If you do not have mirroring enabled, the system will automatically shutdown if a segment instance becomes invalid. You must recover all failed segments before operations can continue.
Master Mirroring
You can also optionally deploy a backup or mirror of the master instance on a separate host from the master node. A backup master host serves as a warm standby in the event of the primary master host becoming unoperational. The standby master is kept up to date by a transaction log replication process, which runs on the standby master host and keeps the data between the primary and standby master hosts synchronized.
If the primary master fails, the log replication process is shutdown, and the standby master can be activated in its place. Upon activation of the standby master, the replicated logs are used to reconstruct the state of the master host at the time of the last successfully committed transaction. The activated standby master effectively becomes the Greenplum Database master, accepting client connections on the master port (which must be set to the same port number on the master host and the backup master host).
Since the master does not contain any user data, only the system catalog tables need to be synchronized between the primary and backup copies.

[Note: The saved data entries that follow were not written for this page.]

(* Let $(R_n)_{n\in\mathbb Z}$ satisfy the $(1,4)$-system $$R_{2n}CR_{2n-2}=1+R_{2n-1},\qquad R_{2n+1}CR_{2n-1}=1+R_{2n}^4\qquad(n\in\mathbb Z),$$ and set $u_n=R_{2n}$. Then there is an element $K$ such that for all $n\in\mathbb Z$ $$u_{n+2}C-u_{n+1}K+u_n=0\qquad\text{and}\qquad u_{n+2}-Ku_{n+1}+Cu_n=0.$$ The values of $C$ and $K$ in the two cases of initial data are as follows. (a) For the initial data $R_0=yxy^{-1}$, $R_1=y$ (so that $u_0=yxy^{-1}$ and $u_1=(1+y)x^{-1}$), with $x,y$ non-commuting indeterminates and $C=xyx^{-1}y^{-1}$, one has $$K=\big(x^2+((1+y)x^{-1})^2\big)y^{-1}.$$ (b) For the initial data $R_1=YXY^{-1}$, $R_2=Y$, with $X,Y$ non-commuting indeterminates and $C=XYX^{-1}Y^{-1}$, one has $$K=\big(Y^2+((1+X)Y^{-1})^2\big)YX^{-1}Y^{-1}.$$
   Context: Work in the free skew field (non-commutative rational functions) over $\mathbb C$ generated by the relevant pair of indeterminates. The recursion determines $R_n$ for all $n\in\mathbb Z$ from two consecutive values. *)

From HB Require Import structures.
From mathcomp Require Import all_boot all_order all_algebra.
Set Implicit Arguments. Unset Strict Implicit. Unset Printing Implicit Defensive.
Import Order.TTheory GRing.Theory Num.Theory.
Local Open Scope ring_scope.

Definition skew_field_char0 (D : unitRingType) : Prop :=
  (forall a : D, a != 0 -> a \is a GRing.unit) /\ [pchar D] =i pred0.

Definition sys14 (D : unitRingType) (C : D) (R : int -> D) : Prop :=
  forall n : int,
    R (2 * n) * C * R (2 * n - 2) = 1 + R (2 * n - 1) /\
    R (2 * n + 1) * C * R (2 * n - 1) = 1 + R (2 * n) ^+ 4.

Definition commC (D : unitRingType) (x y : D) : D := x * y * x^-1 * y^-1.

Definition lin_rels (D : unitRingType) (C K : D) (R : int -> D) : Prop :=
  forall n : int,
    R (2 * (n + 2)) * C - R (2 * (n + 1)) * K + R (2 * n) = 0 /\
    R (2 * (n + 2)) - K * R (2 * (n + 1)) + C * R (2 * n) = 0.

(* The quasi-commutation relations R_(j+1) C R_j = R_j R_(j+1) propagate along
   the (1,4)-system in both directions, so they hold for every j as soon as they
   hold for one j, which is the case for both initial data.  They give
   u_m u_(m+1) = C^-1 + R_(2m+1), and, with the quartic relation, show that
   K_m = u_m^-1 (1 + C^-1 + R_(2m-1) + R_(2m+1)) u_m^-1 equals one and the same
   expression in u_m, R_(2m+1), u_(m+1) for both K_m and K_(m+1); hence K_m is
   independent of m.  Multiplying K = K_(n+1) by u_(n+1) on the right, resp. on
   the left, yields the two linear relations, and K is read off from the initial
   data. *)

From HB Require Import structures.
From mathcomp Require Import all_boot all_order all_algebra.
From mathcomp Require Import zify.
Import GRing.Theory.
Set Implicit Arguments. Unset Strict Implicit. Unset Printing Implicit Defensive.
Local Open Scope ring_scope.

Lemma expr4 (D : unitRingType) (x : D) : x ^+ 4 = x * x * x * x.
Proof. by rewrite !exprS expr0 mulr1 !mulrA. Qed.

Section RingIdentities.

Variables (D : unitRingType) (C : D).
Hypothesis unitC : C \is a GRing.unit.

Lemma qcomm_transfer (a b c f : D) :
  a \is a GRing.unit -> c \is a GRing.unit ->
  c * C * a = 1 + f -> f * b = b * f ->
  b * C * a = a * b <-> c * C * b = b * c.
Proof.
move=> ua uc Ec fb.
have uCa : C * a \is a GRing.unit by rewrite unitrMl.
have ucC : c * C \is a GRing.unit by rewrite unitrMl.
have bcCa : b * c * (C * a) = (1 + f) * b.
  by rewrite -mulrA (mulrA c) Ec mulrDr mulrDl mulr1 mul1r fb.
split=> [Qb | Qc].
  apply: (mulIr uCa); rewrite bcCa -Ec.
  have -> : c * C * b * (C * a) = c * C * (b * C * a) by rewrite !mulrA.
  by rewrite Qb !mulrA.
apply: (mulrI ucC); rewrite !mulrA.
have -> : c * C * b * C * a = b * c * (C * a) by rewrite Qc !mulrA.
by rewrite bcCa -Ec.
Qed.

Lemma qcomm_mul (b q c : D) :
  b \is a GRing.unit ->
  c * C * b = 1 + q -> q * C * b = b * q -> b * c = C^-1 + q.
Proof.
move=> ub Ec Qq.
have -> : c = (1 + q) / b / C by rewrite -Ec !mulrK.
rewrite !mulrA mulrDr mulr1 -Qq mulrDl mulrK // mulrDl mulrK // divrr //.
by rewrite mul1r.
Qed.

Lemma qcomm_mul_inv (b q c : D) :
  q \is a GRing.unit ->
  c * C * b = 1 + q -> q * C * b = b * q -> c * q^-1 * b = 1 + q^-1.
Proof.
move=> uq Ec Qq.
have Cb : C * b = q^-1 * (b * q) by rewrite -Qq -!mulrA mulKr.
apply: (mulIr uq); rewrite mulrDl mul1r mulVr // addrC -Ec.
by rewrite -!mulrA Cb.
Qed.

Lemma quartic_conjl (b p q : D) :
  b \is a GRing.unit -> q \is a GRing.unit ->
  b * C * p = p * b -> q * C * p = 1 + b ^+ 4 ->
  b^-1 * p * b^-1 = q^-1 * (b^-1 * b^-1) + q^-1 * (b * b).
Proof.
move=> ub uq Qb Eq.
have Cp : C * p = b^-1 * p * b by rewrite -mulrA -Qb -mulrA mulKr.
have bpb : b^-1 * p * b = q^-1 * (1 + b ^+ 4) by rewrite -Cp -Eq -mulrA mulKr.
have -> : b^-1 * p * b^-1 = b^-1 * p * b * b^-1 * b^-1 by rewrite mulrK.
by rewrite bpb expr4 mulrDr mulr1 !mulrA mulrDl mulrDl !mulrK.
Qed.

Lemma quartic_conjr (c q r : D) :
  c \is a GRing.unit -> q \is a GRing.unit ->
  c * C * q = q * c -> r * C * q = 1 + c ^+ 4 ->
  c^-1 * r * c^-1 = (c^-1 * c^-1) * q^-1 + (c * c) * q^-1.
Proof.
move=> uc uq Qc Er.
have Cq : C * q = c^-1 * q * c by rewrite -mulrA -Qc -mulrA mulKr.
have rcqc : r * c^-1 * q * c = 1 + c ^+ 4.
  by rewrite -Er -[r * C * q]mulrA Cq !mulrA.
have rc : r * c^-1 = (1 + c ^+ 4) * c^-1 * q^-1 by rewrite -rcqc !mulrK.
rewrite -mulrA rc expr4 !mulrA mulrDr mulr1 mulrDl mulrDl.
by rewrite !mulrA mulVr // mul1r mulrK.
Qed.

Definition conserved_form (b q c : D) : D :=
  (1 + q^-1) * (b^-1 * b^-1) + q^-1 * (b * b) + c * b^-1.

Lemma conserved_form_prev (b p q c : D) :
  b \is a GRing.unit -> q \is a GRing.unit ->
  c * C * b = 1 + q -> q * C * p = 1 + b ^+ 4 ->
  q * C * b = b * q -> b * C * p = p * b ->
  b^-1 * (1 + C^-1 + p + q) * b^-1 = conserved_form b q c.
Proof.
move=> ub uq Ec Eq Qq Qb.
have -> : 1 + C^-1 + p + q = 1 + p + (C^-1 + q) by rewrite -!addrA (addrCA C^-1).
rewrite -(qcomm_mul ub Ec Qq) !mulrDr !mulrDl mulr1 (quartic_conjl ub uq Qb Eq).
by rewrite mulKr // /conserved_form mulrDl mul1r !addrA.
Qed.

Lemma conserved_form_next (b q c r : D) :
  b \is a GRing.unit -> q \is a GRing.unit -> c \is a GRing.unit ->
  c * C * b = 1 + q -> r * C * q = 1 + c ^+ 4 ->
  q * C * b = b * q -> c * C * q = q * c ->
  c^-1 * (1 + C^-1 + q + r) * c^-1 = conserved_form b q c.
Proof.
move=> ub uq uc Ec Er Qq Qc.
have cqb := qcomm_mul_inv uq Ec Qq.
rewrite -(addrA 1 C^-1 q) -(qcomm_mul ub Ec Qq) !mulrDr !mulrDl mulr1.
rewrite (quartic_conjr uc uq Qc Er) (mulrA c^-1 b c) mulrK //.
have h1 : c^-1 * c^-1 + c^-1 * c^-1 * q^-1 = c^-1 * q^-1 * b.
  by rewrite -{1}(mulr1 (c^-1 * c^-1)) -mulrDr -cqb !mulrA divrK.
have h2 : c^-1 * b + c^-1 * q^-1 * b = q^-1 * (b * b).
  rewrite -(mulrA c^-1 q^-1 b) -mulrDr -{1}(mul1r b) -mulrDl -cqb !mulrA.
  by rewrite mulVr // mul1r -mulrA.
have h3 : c * c * q^-1 = c * b^-1 + (1 + q^-1) * (b^-1 * b^-1).
  have -> : c * c * q^-1 = c * (c * q^-1 * b) * b^-1 by rewrite !mulrA mulrK.
  rewrite cqb mulrDr mulr1 mulrDl; congr (_ + _).
  by rewrite -cqb !mulrA mulrK.
rewrite addrA (addrC (c^-1 * c^-1)) -(addrA (c^-1 * b)) h1 h2 h3 /conserved_form.
by rewrite (addrC (c * b^-1)) addrA (addrC (q^-1 * (b * b))).
Qed.

Lemma three_term_relations (a b c w w' : D) :
  b \is a GRing.unit ->
  b * C * a = 1 + w -> c * C * b = 1 + w' ->
  a * b = C^-1 + w -> b * c = C^-1 + w' ->
  let K := b^-1 * (1 + C^-1 + w + w') * b^-1 in
  c * C - b * K + a = 0 /\ c - K * b + C * a = 0.
Proof.
move=> ub Ea Ec Pa Pc K.
have bKb : b * K * b = 1 + C^-1 + w + w' by rewrite /K !mulrA mulrV // mul1r divrK.
split; apply/eqP; rewrite addrAC subr_eq0; apply/eqP.
  apply: (mulIr ub); rewrite mulrDl Ec Pa bKb.
  by rewrite addrACA (addrC w') addrA.
apply: (mulrI ub); rewrite mulrDr Pc mulrA Ea mulrA bKb.
by rewrite addrACA (addrC C^-1) (addrC w') addrA.
Qed.

End RingIdentities.

Lemma int_iff_shift (P : int -> Prop) :
  (forall k, P (k + 1) <-> P k) -> forall k, P k <-> P 0.
Proof.
move=> shift.
have pos (n : nat) : P n <-> P 0 by elim: n => [//|n IH]; rewrite -addn1 PoszD shift.
have neg (n : nat) : P (- n%:Z) <-> P 0.
  by elim: n => [|n IH]; rewrite ?oppr0 // -IH -shift -addn1 PoszD opprD addrNK.
by case=> n; rewrite ?NegzE.
Qed.

Lemma int_parity (j : int) : exists k : int, j = 2 * k \/ j = 2 * k + 1.
Proof. by exists (j %/ 2)%Z; lia. Qed.

Section System14.

Variables (D : unitRingType) (C : D) (R : int -> D).
Hypothesis sysR : sys14 C R.

Lemma sys14_even k : R (2 * k + 2) * C * R (2 * k) = 1 + R (2 * k + 1).
Proof.
have [E _] := sysR (k + 1).
have e1 : 2 * (k + 1) = 2 * k + 2 by lia.
have e2 : 2 * k + 2 - 2 = 2 * k by lia.
have e3 : 2 * k + 2 - 1 = 2 * k + 1 by lia.
by rewrite e1 e2 e3 in E.
Qed.

Lemma sys14_odd k : R (2 * k + 3) * C * R (2 * k + 1) = 1 + R (2 * k + 2) ^+ 4.
Proof.
have [_ E] := sysR (k + 1).
have e1 : 2 * (k + 1) = 2 * k + 2 by lia.
have e2 : 2 * k + 2 + 1 = 2 * k + 3 by lia.
have e3 : 2 * k + 2 - 1 = 2 * k + 1 by lia.
by rewrite e1 e2 e3 in E.
Qed.

Hypotheses (unitC : C \is a GRing.unit) (unitR : forall n, R n \is a GRing.unit).

Definition qcomm (j : int) : Prop := R (j + 1) * C * R j = R j * R (j + 1).

Lemma qcomm_succ j : qcomm (j + 1) <-> qcomm j.
Proof.
have e1 (k : int) : 2 * k + 1 + 1 = 2 * k + 2 by lia.
have e2 (k : int) : 2 * k + 2 + 1 = 2 * k + 3 by lia.
have [k [->|->]] := int_parity j; rewrite /qcomm e1 ?e2; symmetry.
  exact: qcomm_transfer (sys14_even k) _.
by apply: qcomm_transfer (sys14_odd k) _; rewrite // -exprSr exprS.
Qed.

Lemma qcomm_all j0 : qcomm j0 -> forall j, qcomm j.
Proof.
by move=> Q0 j; rewrite (int_iff_shift qcomm_succ j) -(int_iff_shift qcomm_succ j0).
Qed.

Hypothesis qcommR : forall j, qcomm j.

Definition conserved (m : int) : D :=
  (R (2 * m))^-1 * (1 + C^-1 + R (2 * m - 1) + R (2 * m + 1)) * (R (2 * m))^-1.

Lemma conserved_formE m :
  conserved m = conserved_form (R (2 * m)) (R (2 * m + 1)) (R (2 * m + 2)).
Proof.
apply: conserved_form_prev => //; first exact: sys14_even.
- by have [_ ->] := sysR m.
- exact: qcommR.
have := qcommR (2 * m - 1); rewrite /qcomm.
by rewrite (_ : 2 * m - 1 + 1 = 2 * m) //; lia.
Qed.

Lemma conservedS_formE m :
  conserved (m + 1) = conserved_form (R (2 * m)) (R (2 * m + 1)) (R (2 * m + 2)).
Proof.
have e1 : 2 * (m + 1) = 2 * m + 2 by lia.
have e2 : 2 * m + 2 - 1 = 2 * m + 1 by lia.
have e3 : 2 * m + 2 + 1 = 2 * m + 3 by lia.
rewrite /conserved e1 e2 e3; apply: conserved_form_next => //.
- exact: sys14_even.
- exact: sys14_odd.
- exact: qcommR.
have := qcommR (2 * m + 1); rewrite /qcomm.
by rewrite (_ : 2 * m + 1 + 1 = 2 * m + 2) //; lia.
Qed.

Lemma conserved_const m : conserved m = conserved 0.
Proof.
have shift k : conserved (k + 1) = conserved 0 <-> conserved k = conserved 0.
  by rewrite conservedS_formE (conserved_formE k).
exact/(int_iff_shift shift).
Qed.

Lemma lin_rels_conserved m : lin_rels C (conserved m) R.
Proof.
move=> n; rewrite (conserved_const m) -(conserved_const (n + 1)).
have e1 : 2 * (n + 1) - 2 = 2 * n by lia.
have e2 : 2 * (n + 2) - 2 = 2 * (n + 1) by lia.
have e3 : 2 * (n + 2) - 1 = 2 * (n + 1) + 1 by lia.
have e4 : 2 * n + 1 = 2 * (n + 1) - 1 by lia.
have Ea : R (2 * (n + 1)) * C * R (2 * n) = 1 + R (2 * (n + 1) - 1).
  by have [] := sysR (n + 1); rewrite e1.
have Ec : R (2 * (n + 2)) * C * R (2 * (n + 1)) = 1 + R (2 * (n + 1) + 1).
  by have [] := sysR (n + 2); rewrite e2 e3.
have Qa := qcommR (2 * n); rewrite /qcomm e4 in Qa.
have Qb := qcommR (2 * (n + 1)); rewrite /qcomm in Qb.
exact: three_term_relations (qcomm_mul unitC (unitR _) Ea Qa)
                            (qcomm_mul unitC (unitR _) Ec Qb).
Qed.

End System14.

Section CommC.

Variables (D : unitRingType) (x y : D).
Hypotheses (ux : x \is a GRing.unit) (uy : y \is a GRing.unit).

Lemma commC_unit : commC x y \is a GRing.unit.
Proof. by rewrite /commC !unitrMl ?unitrV. Qed.

Lemma commC_conj : commC x y * (y * x * y^-1) = x.
Proof. by rewrite /commC !mulrA divrK // divrK // mulrK. Qed.

Lemma commCV : (commC x y)^-1 = y * x * y^-1 * x^-1.
Proof. by rewrite /commC !invrM ?unitrMl ?unitrV // !invrK !mulrA. Qed.

End CommC.

Lemma lin_rels_init_a (D : unitRingType) (x y : D) (R : int -> D) :
  x \is a GRing.unit -> y \is a GRing.unit -> (forall n, R n \is a GRing.unit) ->
  R 0 = y * x * y^-1 -> R 1 = y -> sys14 (commC x y) R ->
  lin_rels (commC x y) ((x ^+ 2 + ((1 + y) * x^-1) ^+ 2) * y^-1) R.
Proof.
move=> ux uy uR R0 R1 sysR; set C := commC x y.
have uC : C \is a GRing.unit by exact: commC_unit.
have CR0 : C * R 0 = x by rewrite R0 commC_conj.
have Q0 : qcomm C R 0 by rewrite /qcomm add0r -mulrA CR0 R0 R1 divrK.
have QR := qcomm_all sysR uC uR Q0.
have R2 : R 2 = (1 + y) / x.
  by have := sys14_even sysR 0; rewrite mulr0 add0r -mulrA CR0 R1 => <-; rewrite mulrK.
have R0V : (R 0)^-1 = y / x / y by rewrite R0 !invrM ?unitrMl ?unitrV // !invrK !mulrA.
suff -> : (x ^+ 2 + ((1 + y) / x) ^+ 2) / y = conserved C R 0.
  exact: lin_rels_conserved sysR uC uR QR 0.
rewrite conserved_formE // mulr0 add0r R2 /conserved_form R0V R0 R1.
have T1 : (1 + y^-1) * (y / x / y * (y / x / y)) = (1 + y) / x / x / y.
  by rewrite !mulrA divrK // mulrDl mul1r mulVr // addrC.
have T2 : y^-1 * (y * x / y * (y * x / y)) = x * x / y.
  by rewrite !mulrA divrK // mulVr // mul1r.
have T3 : (1 + y) / x * ((1 + y) / x) / y = (1 + y) / x / x / y + (1 + y) / x * y / x / y.
  by rewrite !mulrA mulrDr mulr1 !mulrDl.
by rewrite T1 T2 !expr2 mulrDl T3 !mulrA addrA (addrC (x * x / y)).
Qed.

Lemma lin_rels_init_b (D : unitRingType) (X Y : D) (R : int -> D) :
  X \is a GRing.unit -> Y \is a GRing.unit -> (forall n, R n \is a GRing.unit) ->
  R 1 = Y * X * Y^-1 -> R 2 = Y -> sys14 (commC X Y) R ->
  lin_rels (commC X Y) ((Y ^+ 2 + ((1 + X) * Y^-1) ^+ 2) * Y * X^-1 * Y^-1) R.
Proof.
move=> uX uY uR R1 R2 sysR; set C := commC X Y.
have uC : C \is a GRing.unit by exact: commC_unit.
have CR1 : C * R 1 = X by rewrite R1 commC_conj.
have Q1 : qcomm C R 1 by rewrite /qcomm (_ : 1 + 1 = 2) // -mulrA CR1 R1 R2 divrK.
have QR := qcomm_all sysR uC uR Q1.
have R3 : R 3 = (1 + Y ^+ 4) / X.
  by have := sys14_odd sysR 0; rewrite mulr0 add0r -mulrA CR1 R2 => <-; rewrite mulrK.
suff -> : (Y ^+ 2 + ((1 + X) / Y) ^+ 2) * Y / X / Y = conserved C R 1.
  exact: lin_rels_conserved sysR uC uR QR 1.
rewrite /conserved mulr1 (_ : 2 - 1 = 1) // (_ : 2 + 1 = 3) // R1 R2 R3.
rewrite commCV // expr4 !expr2.
rewrite !(mulrDr, mulrDl, mulr1, mul1r) !mulrA.
rewrite !(divrK uY, mulVr uY, mulrK uX, mul1r).
by rewrite [LHS](AC (1 * (2 * 2)) ((4 * 3 * 5) * (2 * 1))).
Qed.

Theorem theorem4p2 :
  (forall (D : unitRingType) (x y : D) (R : int -> D),
     skew_field_char0 D ->
     x \is a GRing.unit -> y \is a GRing.unit ->
     (forall n, R n \is a GRing.unit) ->
     R 0 = y * x * y^-1 -> R 1 = y ->
     sys14 (commC x y) R ->
     lin_rels (commC x y) ((x ^+ 2 + ((1 + y) * x^-1) ^+ 2) * y^-1) R) /\
  (forall (D : unitRingType) (X Y : D) (R : int -> D),
     skew_field_char0 D ->
     X \is a GRing.unit -> Y \is a GRing.unit ->
     (forall n, R n \is a GRing.unit) ->
     R 1 = Y * X * Y^-1 -> R 2 = Y ->
     sys14 (commC X Y) R ->
     lin_rels (commC X Y) ((Y ^+ 2 + ((1 + X) * Y^-1) ^+ 2) * Y * X^-1 * Y^-1) R).
Proof.
by split=> D x y R _; [exact: lin_rels_init_a | exact: lin_rels_init_b].
Qed.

These tables are not updated frequently, but when they are, changes are automatically copied over to the standby master so that it is always kept current with the primary.
Interconnect Redundancy
The interconnect refers to the inter-process communication between the segments, as well as the network infrastructure on which this communication relies. A highly available interconnect can be achieved by deploying dual Gigabit Ethernet switches on your network, and redundant Gigabit connections to the Greenplum Database host servers.
Parallel Data Loading
One challenge of large scale, multi-terabyte data warehouses is getting large amounts of data loaded within a given maintenance window. Greenplum supports fast, parallel data loading with its external tables feature. External tables can also be accessed in ‘single row error isolation’ mode, allowing administrators to filter out bad rows during a load operation into a separate error table, while still loading properly formatted rows. Administrators can control the acceptable error threshold for a load operation, giving them control over the quality and flow of data into the database.

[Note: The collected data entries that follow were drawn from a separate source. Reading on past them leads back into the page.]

Lemma geof_continuous :
  {within [set x : ('rV[R]_n * 'rV[R]_n) * R |
           [set: 'rV[R]_n * 'rV[R]_n] x.1 /\ x.2 \in `[0, 1]],
     continuous (fun x => geof x.1.1 x.1.2 x.2)}.
Proof.
apply/subspace_continuousP => -[[a b] g] _ /=; rewrite /from_subspace /=.
have [<-|ab] := eqVneq a b; last first.
  by apply: cvg_within_filter; exact: geof_cvg_offdiag.
have c11 : (fun x : ('rV[R]_n * 'rV[R]_n) * R => x.1.1) @ nbhs ((a, a), g) --> a.
  exact: (cvg_comp _ _ cvg_fst cvg_fst).
have c12 : (fun x : ('rV[R]_n * 'rV[R]_n) * R => x.1.2) @ nbhs ((a, a), g) --> a.
  exact: (cvg_comp _ _ cvg_fst cvg_snd).
rewrite geof_id; apply/cvgrPdist_lt => eps eps_gt0.
have near_a1 := proj1 (cvgrPdist_lt _ _) c11 _ eps_gt0.
have near_a2 := proj1 (cvgrPdist_lt _ _) c12 _ eps_gt0.
near=> x; apply: geof_normr_lt.
- have [_] : [set x : ('rV[R]_n * 'rV[R]_n) * R |
              [set: 'rV[R]_n * 'rV[R]_n] x.1 /\ x.2 \in `[0, 1]] x.
    by near: x; exact: near_withinT.
  by rewrite in_itv.
- by near: x; apply: cvg_within; exact: near_a1.
- by near: x; apply: cvg_within; exact: near_a2.
Unshelve. all: by end_near.
Qed.

Lemma geof_geodesic_solution :
  geodesic_solution [set: 'rV[R]_n * 'rV[R]_n] geof.
Proof.
split; first exact: openT.
split=> //; split; first exact: geof_continuous.
by move=> a b _ al be ga _ _ _; rewrite geof0 ?geof1 ?geof_comp.
Qed.

Lemma enorm_geof_segment (a b : 'rV[R]_n) g : g \in `[0, 1] ->
  enorm (a - geof a b g) + enorm (geof a b g - b) = enorm (a - b).
Proof.
rewrite in_itv => /(geof_convex a b)[mu /andP[m0 m1] ->].
have -> : a - (mu *: a + (1 - mu) *: b) = (1 - mu) *: (a - b).
  by apply/rowP => i; rewrite !mxE; ring.
have -> : mu *: a + (1 - mu) *: b - b = mu *: (a - b).
  by apply/rowP => i; rewrite !mxE; ring.
by rewrite !enormZ ger0_norm ?subr_ge0 // ger0_norm //; ring.
Qed.

Lemma geof_ball_image (c : 'rV[R]_n) r : 0 < r ->
  let B := [set x : 'rV[R]_n | enorm (x - c) < r] in
  [set geof x.1.1 x.1.2 x.2 | x in [set x : ('rV[R]_n * 'rV[R]_n) * R |
     B x.1.1 /\ B x.1.2 /\ x.2 \in `[0, 1]]] = B.
Proof.
move=> r_gt0 B; apply/seteqP; split; last first.
  move=> x Bx; exists ((x, x), 0); last exact: geof_id.
  by rewrite /= in_itv /= lexx ler01.
move=> z [[[x y] g] /= [Bx [By]]].
rewrite in_itv => /(geof_convex x y)[mu mu01 ->] <-; rewrite /B /=.
have -> : mu *: x + (1 - mu) *: y - c = mu *: (x - c) + (1 - mu) *: (y - c).
  by apply/rowP => i; rewrite !mxE; ring.
exact: enorm_conv_lt.
Qed.
End Geodesic.

Unset Implicit Arguments. Set Strict Implicit.

Theorem mainTheorem8 (R : realType) (n : nat) (v vinv : R -> R)
  (v_cont : continuous v) (vinv_cont : continuous vinv)
  (vK : cancel v vinv) (vinvK : cancel vinv v)
  (v_odd : forall x, v (- x) = - v x) :
  (forall a b : 'rV[R]_n, a != b ->
     cancel (vab v a b) (vab vinv a b) /\ cancel (vab vinv a b) (vab v a b)) /\
  geodesic_solution [set: 'rV[R]_n * 'rV[R]_n] (geof v vinv) /\
  (forall (a b : 'rV[R]_n) (g : R), g \in `[0, 1] ->
     enorm (a - geof v vinv a b g) + enorm (geof v vinv a b g - b)
     = enorm (a - b)) /\
  (forall (c : 'rV[R]_n) (r : R), 0 < r ->
     let B := [set x : 'rV[R]_n | enorm (x - c) < r] in
     [set geof v vinv x.1.1 x.1.2 x.2 |
        x in [set x : ('rV[R]_n * 'rV[R]_n) * R |
               B x.1.1 /\ B x.1.2 /\ x.2 \in `[0, 1]]] = B).
Proof.
split; first by move=> a b ab; split; apply: vab_can.
split; first exact: geof_geodesic_solution.
by split; [exact: enorm_geof_segment | exact: geof_ball_image].
Qed.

By using external tables in conjunction with Greenplum Database’s parallel file server (gpfdist), administrators can achieve maximum parallelism and load bandwidth from their Greenplum Database system.
Management and Monitoring
Management of a Greenplum Database system is performed using a series of command-line utilities, which are located in $GPHOME/bin. Greenplum provides utilities for the following Greenplum Database administration tasks:
Installing Greenplum Database on an Array
Initializing a Greenplum Database System
Starting and Stopping Greenplum Database
Adding or Removing a Host
Expanding the Array and Redistributing Tables among New Segments
Managing Recovery for Failed Segment Instances
Managing Failover and Recovery for a Failed Master Instance
Backing Up and Restoring a Database (in Parallel)
Loading Data in Parallel
System State Reporting
Greenplum also provides an optional system monitoring and management tool that administrators can install and enable with Greenplum Database. Greenplum Command Center uses data collection agents on each segment host to collect and store Greenplum system metrics in a dedicated database. Segment data collections agents send their data to the Greenplum master at regular intervals (typically every 15 seconds). Users can query the Command Center database to see query and system metrics. Greenplum Command Center also has a graphical web-based user interface for viewing these system metrics, which can be installed separately from Greenplum Database.